Haiti

After parliament’s rejection, Haiti names a new prime minister

Haiti's interim President Jocelerme Privert, center, arriving with new interim Prime Minister Fritz Jean, behind right, on Feb. 26 for Jean’s induction ceremony at the National Palace in Port-au-Prince, Haiti. Jean, an economist and former governor of Haiti's central bank, was rejected by the Lower Chamber of Deputies on March 20.
Haiti's interim President Jocelerme Privert, center, arriving with new interim Prime Minister Fritz Jean, behind right, on Feb. 26 for Jean’s induction ceremony at the National Palace in Port-au-Prince, Haiti. Jean, an economist and former governor of Haiti's central bank, was rejected by the Lower Chamber of Deputies on March 20. AP

Days after Haitian lawmakers rejected a notable economist to help lead a caretaker government, interim President Jocelerme Privert is now placing his bets on a seasoned lawyer and presidential adviser to take the country to elections.
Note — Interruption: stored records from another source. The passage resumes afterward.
Lemma translateP x (S : vset R n) y : translate x S y <-> S (y - x).
Proof.
split; first by move=> [s [Ss ->]]; rewrite addrC addKr.
by move=> Sy; exists (y - x); split=> //; rewrite addrC subrK.
Qed.

End ConicHull.

Section Vertex.
Variables (R : realType) (n : nat).
Local Notation vec := 'rV[R]_n.
Implicit Types (S T : vset R n) (v : vec).

Definition convex_set S :=
  forall x y t, S x -> S y -> 0 <= t <= 1 -> S ((1 - t) *: x + t *: y).

(* Its polar is the cone of [normal_fan S] at v. *)
Definition feasible_cone S v := conic_hull (fun y => exists p, S p /\ y = p - v).

Definition pointed T := forall d, T d -> T (- d) -> d = 0.

Lemma feasible_cone_convex S v y : convex_set S -> S v -> feasible_cone S v y ->
  exists s x, 0 <= s /\ S x /\ y = s *: (x - v).
Proof.
move=> cS Sv.
apply: (conic_hull_ind (Y := fun y => exists s x, 0 <= s /\ S x /\ y = s *: (x - v))).
- by exists 0, v; rewrite scale0r.
- move=> a b [s1 [x1 [s10 [S1 ->]]]] [s2 [x2 [s20 [S2 ->]]]].
  have [s0|sn0] := eqVneq (s1 + s2) 0.
    have [-> ->] : s1 = 0 /\ s2 = 0 by lra.
    by exists 0, v; rewrite !scale0r addr0.
  have sp : 0 < s1 + s2 by rewrite lt_def sn0 addr_ge0.
  exists (s1 + s2), ((1 - s2 / (s1 + s2)) *: x1 + (s2 / (s1 + s2)) *: x2).
  split; first exact: addr_ge0.
  split; last by apply/rowP => i; rewrite !mxE; field.
  apply: cS => //; rewrite divr_ge0 ?ler_pdivrMr //=; lra.
- move=> c a c0 [s [x [s0 [Sx ->]]]]; exists (c * s), x.
  by rewrite scalerA mulr_ge0.
- by move=> _ [p [Sp ->]]; exists 1, p; rewrite scale1r.
Qed.

Lemma vertex_feasible_cone_pointed S v : convex_set S ->
  is_vertex S v -> pointed (feasible_cone S v).
Proof.
move=> cS [Sv Hv] d Td Tnd.
have [s [x [s0 [Sx ed]]]] := feasible_cone_convex cS Sv Td.
have [r [y [r0 [Sy edN]]]] := feasible_cone_convex cS Sv Tnd.
have [//|/eqP dn0] := eqVneq d 0; exfalso.
have sp : 0 < s.
  by rewrite lt_def s0 andbT; apply/eqP => s00; apply: dn0; rewrite ed s00 scale0r.
have rp : 0 < r.
  rewrite lt_def r0 andbT; apply/eqP => r00; apply: dn0.
  by apply: oppr_inj; rewrite edN r00 scale0r oppr0.
have srp : s + r != 0 by rewrite lt0r_neq0 ?addr_gt0.
have ev : v = (1 - r / (s + r)) *: x + (r / (s + r)) *: y.
  apply/rowP => i; have := congr1 (fun w : vec => w 0 i) edN; rewrite ed !mxE => h.
  have -> : v 0 i = (s * x 0 i + r * y 0 i) / (s + r).
    by rewrite -[LHS](mulfK srp); congr (_ / _); nra.
  by field.
have exy : x = y.
  by apply: Hv ev => //; rewrite divr_gt0 ?addr_gt0 // ltr_pdivrMr ?addr_gt0 //; lra.
subst y; apply: dn0; apply/rowP => i; have := congr1 (fun w : vec => w 0 i) edN.
rewrite ed !mxE => h.
have /eqP : (s + r) * (x 0 i - v 0 i) = 0 by lra.
by rewrite mulf_eq0 (negbTE srp) => /eqP ->; rewrite mulr0.
Qed.

Lemma is_vertex_pointed S v : convex_set S ->
  is_vertex S v <-> S v /\ pointed (feasible_cone S v).
Proof.
move=> cS; split=> [vS | [Sv Hl]].
  by split; [case: vS | exact: vertex_feasible_cone_pointed].
split=> // x y t Sx Sy /andP[t0 t1] ev.
apply/eqP; rewrite -subr_eq0; apply/eqP/Hl.
  have -> : x - y = t^-1 *: (x - v) by apply/rowP => i; rewrite ev !mxE; field; lra.
  by apply: conic_hullZ; [rewrite invr_ge0 ltW | apply: conic_hull_gen; exists x].
have -> : - (x - y) = (1 - t)^-1 *: (y - v).
  by apply/rowP => i; rewrite ev !mxE; field; lra.
by apply: conic_hullZ; [rewrite invr_ge0; lra | apply: conic_hull_gen; exists y].
Qed.

End Vertex.

Section MinkowskiNormalFan.
Variables (R : realType) (n : nat).
Local Notation vec := 'rV[R]_n.
Variables A B : vset R n.
Hypotheses (convexA : convex_set A) (convexB : convex_set B).

Definition minkowski (t : vec) (al be : R) : vset R n :=
  fun x => exists a b, A a /\ B b /\ x = t + al *: a + be *: b.

Lemma minkowski_convex t al be : convex_set (minkowski t al be).
Proof.
move=> x y s [a1 [b1 [A1 [B1 ->]]]] [a2 [b2 [A2 [B2 ->]]]] s01.
exists ((1 - s) *: a1 + s *: a2), ((1 - s) *: b1 + s *: b2).
split; first exact: convexA.
split; first exact: convexB.
by apply/rowP => i; rewrite !mxE; ring.
Qed.

(* al (a1 - a) + be (b1 - b) = k (al' (a_mu - a) + be' (b_nu - b)) for the convex
   combinations a_mu, b_nu of a, a1 and of b, b1 chosen below. *)
Lemma feasible_cone_minkowski_sub t al be t' al' be' a b :
  0 < al -> 0 < be -> 0 < al' -> 0 < be' -> A a -> B b ->
  forall y, feasible_cone (minkowski t al be) (t + al *: a + be *: b) y ->
            feasible_cone (minkowski t' al' be') (t' + al' *: a + be' *: b) y.
Proof.
move=> alp bep alp' bep' Aa Bb.
apply: conic_hull_min => _ [p [[a1 [b1 [A1 [B1 ->]]]] ->]].
pose k := al / al' + be / be'.
have kp : 0 < k by rewrite addr_gt0 // divr_gt0.
pose mu := al / (al' * k); pose nu := be / (be' * k).
have k_mu : k * al' * mu = al by rewrite /mu; field; rewrite !gt_eqF ?mulr_gt0.
have k_nu : k * be' * nu = be by rewrite /nu; field; rewrite !gt_eqF ?mulr_gt0.
have mu01 : 0 <= mu <= 1.
  apply/andP; split; first by rewrite divr_ge0 // ltW // mulr_gt0.
  rewrite ler_pdivrMr ?mulr_gt0 // mul1r.
  rewrite (_ : al' * k = al + al' * (be / be')); last by rewrite /k; field; rewrite !gt_eqF.
  by rewrite lerDl mulr_ge0 // ltW // divr_gt0.
have nu01 : 0 <= nu <= 1.
  apply/andP; split; first by rewrite divr_ge0 // ltW // mulr_gt0.
  rewrite ler_pdivrMr ?mulr_gt0 // mul1r.
  rewrite (_ : be' * k = be + be' * (al / al')); last by rewrite /k; field; rewrite !gt_eqF.
  by rewrite lerDl mulr_ge0 // ltW // divr_gt0.
have -> : t + al *: a1 + be *: b1 - (t + al *: a + be *: b) =
   k *: ((t' + al' *: ((1 - mu) *: a + mu *: a1) + be' *: ((1 - nu) *: b + nu *: b1))
          - (t' + al' *: a + be' *: b)).
  apply/rowP => i; rewrite !mxE -k_mu -k_nu; ring.
apply: conic_hullZ; first exact: ltW.
apply: conic_hull_gen; eexists; split; last by reflexivity.
exists ((1 - mu) *: a + mu *: a1), ((1 - nu) *: b + nu *: b1).
by split; [exact: convexA | split; first exact: convexB].
Qed.

Lemma normal_fan_minkowski_sub t al be t' al' be' K :
  0 < al -> 0 < be -> 0 < al' -> 0 < be' ->
  normal_fan (minkowski t al be) K -> normal_fan (minkowski t' al' be') K.
Proof.
move=> alp bep alp' bep' [v [Hv ->]].
have [Sv Hl] := (is_vertex_pointed v (@minkowski_convex t al be)).1 Hv.
have [a [b [Aa [Bb ev]]]] := Sv.
pose v' := t' + al' *: a + be' *: b.
have Teq : feasible_cone (minkowski t al be) v = feasible_cone (minkowski t' al' be') v'.
  by rewrite ev; apply/funext => y; apply/propext; split;
    exact: feasible_cone_minkowski_sub.
exists v'; split; last by rewrite -[conic_hull _]/(feasible_cone _ _) Teq.
apply/(is_vertex_pointed _ (@minkowski_convex t' al' be')).
by rewrite -Teq; split=> //; exists a, b.
Qed.

Lemma normal_fan_minkowski t al be t' al' be' :
  0 < al -> 0 < be -> 0 < al' -> 0 < be' ->
  normal_fan (minkowski t al be) = normal_fan (minkowski t' al' be').
Proof.
by move=> *; apply/funext => K; apply/propext; split; exact: normal_fan_minkowski_sub.
Qed.

End MinkowskiNormalFan.

Section ConeHomothety.
Variables (R : realType) (n : nat).
Local Notation vec := 'rV[R]_n.

Lemma is_cone_scale (C : vset R n) c v : is_cone C -> 0 <= c -> C v -> C (c *: v).
Proof. by move=> [[xs ->] _]; exact: conic_hullZ. Qed.

Lemma collinear_outside_segment (x1 x2 x3 : vec) :
  collinear x1 x2 x3 -> ~ segment x1 x2 x3 ->
  exists2 l, 0 < l & x2 - x3 = l *: (x1 - x3).
Proof.
move=> [p [d [s1 [s2 [s3 [-> [-> ->]]]]]]] nseg.
have s13 : s1 - s3 != 0.
  apply/eqP => s13; apply: nseg; exists 0; rewrite lexx ler01 scale0r addr0 subr0 scale1r.
  by split=> //; congr (_ + _ *: _); lra.
have s13sq : 0 < (s1 - s3) ^+ 2 by rewrite exprn_even_gt0.
have prod_gt0 : 0 < (s1 - s3) * (s2 - s3).
  rewrite ltNge; apply/negP => hle; apply: nseg.
  have s12 : s1 - s2 != 0.
    by apply/eqP => s12; move: hle; rewrite (_ : s2 - s3 = s1 - s3) -?expr2; lra.
  have s12sq : 0 < (s1 - s2) ^+ 2 by rewrite exprn_even_gt0.
  exists ((s1 - s3) / (s1 - s2)); split; last first.
    by apply/rowP => i; rewrite !mxE; field.
  have -> : (s1 - s3) / (s1 - s2) = ((s1 - s3) * (s1 - s2)) / (s1 - s2) ^+ 2 by field.
  apply/andP; split; first by apply: divr_ge0; [nra | exact: ltW].
  rewrite ler_pdivrMr // mul1r expr2; nra.
exists ((s2 - s3) / (s1 - s3)).
  have -> : (s2 - s3) / (s1 - s3) = ((s1 - s3) * (s2 - s3)) / ((s1 - s3) ^+ 2) by field.
  exact: divr_gt0.
by apply/rowP => i; rewrite !mxE; field.
Qed.

Lemma homothetic_inter_translate (C D : vset R n) (x1 x2 x3 : vec) l :
  (forall c v, 0 <= c -> C v -> C (c *: v)) ->
  (forall c v, 0 <= c -> D v -> D (c *: v)) ->
  0 < l -> x2 - x3 = l *: (x1 - x3) ->
  homothetic (inter (translate x1 C) (translate x3 D))
             (inter (translate x2 C) (translate x3 D)).
Proof.
move=> scaleC scaleD lp hx; have ln0 : l != 0 by rewrite gt_eqF.
have il0 : 0 <= l^-1 by rewrite invr_ge0 ltW.
have ex2 : x2 = x3 + l *: (x1 - x3) by rewrite -hx addrC subrK.
exists l, ((1 - l) *: x3); split=> //.
apply/funext => y; apply/propext; split.
  move=> [/translateP C2 /translateP D3].
  exists (x3 + l^-1 *: (y - x3)); split; last first.
    by apply/rowP => i; rewrite !mxE; field.
  split; apply/translateP.
    have -> : x3 + l^-1 *: (y - x3) - x1 = l^-1 *: (y - x2).
      by rewrite ex2; apply/rowP => i; rewrite !mxE; field.
    exact: scaleC.
  by rewrite addrC addKr; exact: scaleD.
move=> [x [[/translateP C1 /translateP D3] ->]].
split; apply/translateP.
  have -> : l *: x + (1 - l) *: x3 - x2 = l *: (x - x1).
    by rewrite ex2; apply/rowP => i; rewrite !mxE; ring.
  exact: scaleC (ltW lp) C1.
have -> : l *: x + (1 - l) *: x3 - x3 = l *: (x - x3).
  by apply/rowP => i; rewrite !mxE; ring.
exact: scaleD (ltW lp) D3.
Qed.

End ConeHomothety.

Section CrossPolytope.
Variables (R : realType) (n : nat).
Local Notation vec := 'rV[R]_n.

Definition l1norm (y : vec) : R := \sum_i `|y 0 i|.

Lemma l1normN (y : vec) : l1norm (- y) = l1norm y.
Proof. by apply: eq_bigr => i _; rewrite mxE normrN. Qed.

Lemma l1norm_evec (i : nat) : (i < n)%N -> l1norm (evec R n i) = 1.
Proof.
move=> lt_in; rewrite /l1norm (bigD1 (Ordinal lt_in)) //= mxE eqxx normr1.
rewrite big1 ?addr0 // => j /eqP neq_ji; rewrite mxE.
by case: eqP => [eq_ji|]; [case: neq_ji; apply: val_inj | rewrite normr0].
Qed.

Lemma diamond_l1norm (d : vec) : diamond R n d -> l1norm d <= 1.
Proof.
move=> [k [c [v [Hv [c0 [<- ->]]]]]].
rewrite /l1norm; under eq_bigr => j _ do rewrite summxE.
apply: (le_trans (ler_sum _ (fun j _ => ler_norm_sum _ _ _))).
rewrite exchange_big /= le_eqVlt; apply/orP; left; apply/eqP; apply: eq_bigr => i _.
have -> : \sum_j `|(c i *: v i) 0 j| = c i * l1norm (v i).
  by rewrite mulr_sumr; apply: eq_bigr => j _; rewrite mxE normrM ger0_norm.
by have [m [lt_mn [->| ->]]] := Hv i; rewrite ?l1normN l1norm_evec // mulr1.
Qed.

Lemma delta_sum (F : 'I_n -> R) (j : 'I_n) :
  \sum_i F i * (if (j : nat) == i then 1 else 0) = F j.
Proof.
rewrite (bigD1 j) //= eqxx mulr1 big1 ?addr0 // => i ij.
by case: eqP => [/val_inj eq_ji|]; [move: ij; rewrite eq_ji eqxx | rewrite mulr0].
Qed.

(* The convex weights: the positive and negative parts of each coordinate, plus the
   slack 1 - |d|_1 spread evenly over all 2n vertices. *)
Lemma l1norm_diamond (d : vec) : (0 < n)%N -> l1norm d <= 1 -> diamond R n d.
Proof.
move=> n_gt0 hd.
pose r := (1 - l1norm d) / (n + n)%:R.
have r0 : 0 <= r by rewrite divr_ge0 ?subr_ge0 // ler0n.
exists (n + n)%N, (fun k => match split k with inl i => (d 0 i + `|d 0 i|) / 2 + r
                                          | inr i => (`|d 0 i| - d 0 i) / 2 + r end),
  (fun k => match split k with inl i => evec R n i | inr i => - evec R n i end).
split; first by move=> k; case: split => i; exists i; split=> //; [left | right].
split.
  move=> k; case: split => i; rewrite addr_ge0 // divr_ge0 //.
    by have := ler_norm (- d 0 i); rewrite normrN; lra.
  by have := ler_norm (d 0 i); lra.
split.
  rewrite big_split_ord /=.
  under eq_bigr => i _ do rewrite (unsplitK (inl i)).
  under [X in _ + X]eq_bigr => i _ do rewrite (unsplitK (inr i)).
  rewrite -big_split /= (eq_bigr (fun i : 'I_n => `|d 0 i| + (r + r))); last first.
    by move=> i _; field.
  rewrite big_split /= sumr_const card_ord -mulr_natr /r natrD -/(l1norm d).
  by field; rewrite gt_eqF // addr_gt0 // ltr0n.
apply/rowP => j; rewrite summxE big_split_ord /=.
under eq_bigr => i _ do rewrite (unsplitK (inl i)) !mxE.
under [X in _ + X]eq_bigr => i _ do rewrite (unsplitK (inr i)) !mxE mulrN -mulNr.
by rewrite !delta_sum; field.
Qed.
Enex Jean-Charles was tapped to be the next prime minister after meetings between Privert and parliamentarians Tuesday to find a consensus over his nomination. A university professor who has been behind the scenes in the National Palace for years, Jean-Charles is considered to be a well-read and experienced lawyer.

He has served as a presidential adviser to former presidents Boniface Alexandre, who headed the U.S.-backed transitional government from 2004-06, and most recently René Préval and Michel Martelly. He was in Préval’s private cabinet and served as executive director of the council of ministers under Martelly.

Jean-Charles is scheduled to go before parliament Thursday when he could face tough questioning about his role in the proposed amendment of the 1987 Constitution, which has been a source of controversy. He was Preval’s judicial counsel and has never said anything publicly about the accusations surrounding the illegal introduction of items that were not part of the proposed amendments during the controversial process.

“He has a huge capacity to work,” said presidential candidate and former senator Moise Jean-Charles, who is no relation but worked with him during Préval’s 2006-11 administration. “He talks to everyone in the country.”

The former senator, who led street protests over his third-place finish in the Oct. 25 first round presidential vote and is demanding a verification of the vote, said he will reserve judgment on the new prime minister nominee’s politics.

“We will not say whether we are for or against his nomination,” Moise Jean-Charles said. “The next government has a mission to create a verification commission and to organize elections in the country in a very short time.”

In addition to a verification of the elections that pit Martelly’s presidential pick, Jovenel Moïse, against opposition candidate Jude Célestin, the opposition is demanding an audit of public finances under Martelly as Haiti finds itself in dire financial straits as a humanitarian crisis looms. The domestic currency is depreciating, the government is months behind in payments to Venezuela’s Petrocaribe discounted-oil loan program, and this week the Port-au-Prince mayor’s office said corpses can’t be picked up off the streets of the capital because the company responsible for taking them to the morgue had not been paid. Haiti also is facing the worst food security crisis in 15 years because of an ongoing drought.

Enex Jean-Charles was proposed by lawmakers in the 119-members Lower Chamber of Deputies, who on Sunday failed to ratify Prime Minister Fritz Jean’s general policy statement on his priorities for running the government.

Jean, who once headed Haiti’s central bank and studied in New York, needed 60 votes, an absolute majority, to pass. Only 38 deputies, however, voted in favor of him. The rejection not only left Haiti without a working government more than a month after Martelly left office on Feb. 7 without an elected successor because of disputed elections, but it further delayed the transfer of power to an elected president.

Under a Feb. 5 political accord, a presidential runoff election is supposed to take place on April 24 and the new president is supposed to be sworn in on May 14. In order to stage the elections, which have twice been postponed, there first needs to be a functioning government in place.

Only after a new government is approved by both chambers of parliament can the names of a new Provisional Electoral Council be published. It is the council that ultimately stages the vote.